== About this task ==
Below are some records. Return exactly the lines from the one containing "have dE : cx" through the one containing "rewrite /on_sphere /enorm;", both included, and only those.

(Data excerpts)
:::
Lemma steer_to_e1 v : v != 0 -> exists2 M, reversible M & M v = e1.
Proof.
move=> /steer_y_nonzero[M0 rM0]; set w := M0 v => wy0.
(* first make the x-coordinate 1 using w_y != 0, then clear the y- and z-coordinates *)
exists (transvection ord0 ((- cz w) *: e3) \o transvection ord0 ((- cy w) *: e2)
        \o transvection (inord 1) (((1 - cx w) / cy w) *: e1) \o M0).
  do !apply: reversible_comp => //.
  - exact: (reversible_transvection shear_familyC _).2.
  - exact: (reversible_transvection shear_familyB _).1.
  - exact: (reversible_transvection shear_familyB _).2.
rewrite /= -/w; move: wy0; rewrite /cy => wy0.
by coords3; field.
Qed.

Lemma realizable_translation d : exists2 M, realizable d M & M e1 = e1.
Proof.
have rx := realizable_shear_sin shear_familyA (cx d).
have ry := realizable_shear_cos shear_familyA (cy d).
have rz := realizable_shear_sin shear_familyC (cz d).
have dE : cx d *: e1 + cy d *: e2 + cz d *: e3 = d by coords3; ring.
exists (transvection (inord 1) (- (cz d *: e1)) \o (transvection (inord 2) (cy d *: e1)
        \o transvection (inord 2) (- (cx d *: e2)))).
  by rewrite -{1}dE; apply: realizable_comp rz; exact: realizable_comp.
by rewrite /= !transvection_fix // mxE inordK.
Qed.

End Realizable.
End Torus.

Lemma sphere_neq0 (R : realType) (v : 'rV[R]_3) : on_sphere v -> v != 0.
Proof.
rewrite /on_sphere /enorm; apply: contra_eqN => /eqP ->.
rewrite big1 => [|i _]; first by rewrite sqrtr0 eq_sym oner_neq0.
by rewrite mxE expr0n.
Qed.

Theorem proposition3p2 (R : realType) (U : R) (hU : 0 < U)
  (x v xs vs : 'rV[R]_3) (hv : on_sphere v) (hvs : on_sphere vs) :
  exists (N : nat) (ws : seq (omega R)),
    [/\ size ws = N,
        all_Omega0 U ws,
        torus_eq (f_seq ws x) xs
      & (enorm ('d (f_seq ws) x v))^-1 *: ('d (f_seq ws) x v) = vs].
Proof.
have [M1 [[d1 rM1] _] M1v] := steer_to_e1 hU (sphere_neq0 hv).
have [M3 [_ [M3' [d3 rM3'] M3K]] M3vs] := steer_to_e1 hU (sphere_neq0 hvs).
have [M2 rM2 M2e1] := realizable_translation hU (xs - x - d1 - d3).
have [ws wsU [fx df]] := realizable_comp (realizable_comp rM1 rM2) rM3' x.
exists (size ws), ws; split=> //.
  by exists (fun=> 0) => i; rewrite fx mul0r addr0 !mxE; ring.
by rewrite diff_val /= M1v M2e1 -M3vs M3K hvs invr1 scale1r.
Qed.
:::
== Solution to this problem ==
have dE : cx d *: e1 + cy d *: e2 + cz d *: e3 = d by coords3; ring.
exists (transvection (inord 1) (- (cz d *: e1)) \o (transvection (inord 2) (cy d *: e1)
        \o transvection (inord 2) (- (cx d *: e2)))).
  by rewrite -{1}dE; apply: realizable_comp rz; exact: realizable_comp.
by rewrite /= !transvection_fix // mxE inordK.
Qed.

End Realizable.
End Torus.

Lemma sphere_neq0 (R : realType) (v : 'rV[R]_3) : on_sphere v -> v != 0.
Proof.
rewrite /on_sphere /enorm; apply: contra_eqN => /eqP ->.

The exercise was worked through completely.